WHAT YOU HAVE TO DO: Needed from the data below: all lines that contain the word "mathcomp".

EXCERPTED DATA:
(* Let $f(x)=\frac1n\sum_{i=1}^n f_i(x)$ where each $f_i:\mathbb{R}^d\to\mathbb{R}$ is differentiable and $\mu_i$-strongly convex with $\mu_i>0$, and let $x_\star$ be the minimizer of $f$. Let $\mathcal{S}$ be a probability distribution over subsets of $[n]$, let $S\sim\mathcal{S}$, $p_i:=\Pr(i\in S)$ and $p_C:=\Pr(S=C)$, and assume $S$ is proper ($p_i>0$ for all $i$) and nonvacuous ($\Pr(S=\varnothing)=0$). For $C\subseteq[n]$ let $f_C(x):=\sum_{i\in C}\frac{1}{np_i}f_i(x)$, and define $$\mu_{\rm AS}:=\min_{C\subseteq[n],\,p_C>0}\sum_{i\in C}\frac{\mu_i}{np_i},\qquad \sigma_{\star,\rm AS}^2:=\sum_{C\subseteq[n],\,p_C>0}p_C\Big\|\sum_{i\in C}\frac{1}{np_i}\nabla f_i(x_\star)\Big\|^2.$$ Consider SPPM-AS: from arbitrary $x_0\in\mathbb{R}^d$, at each step sample $S_k\sim\mathcal{S}$ independently of the past and set $x_{k+1}=\operatorname{prox}_{\gamma f_{S_k}}(x_k)$. Then for any $\gamma>0$ and $k\ge0$, $$\mathbb{E}\|x_k-x_\star\|^2\le\left(\frac{1}{1+\gamma\mu_{\rm AS}}\right)^{2k}\|x_0-x_\star\|^2+\frac{\gamma\sigma_{\star,\rm AS}^2}{\gamma\mu_{\rm AS}^2+2\mu_{\rm AS}}.$$
   Context: $\operatorname{prox}_{\gamma\phi}(y):=\arg\min_{x\in\mathbb{R}^d}\{\phi(x)+\frac{1}{2\gamma}\|x-y\|^2\}$. $\mu$-strong convexity of $g$: $g(y)+\langle\nabla g(y),x-y\rangle+\frac{\mu}{2}\|x-y\|^2\le g(x)$ for all $x,y$. *)

From HB Require Import structures.
From mathcomp Require Import all_boot all_order all_algebra.
From mathcomp Require Import all_classical all_reals all_analysis.
Set Implicit Arguments. Unset Strict Implicit. Unset Printing Implicit Defensive.
Import Order.TTheory GRing.Theory Num.Theory.
Import numFieldNormedType.Exports.
Local Open Scope ring_scope.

EXERCISE RESPONSE:
From mathcomp Require Import all_boot all_order all_algebra.
From mathcomp Require Import all_classical all_reals all_analysis.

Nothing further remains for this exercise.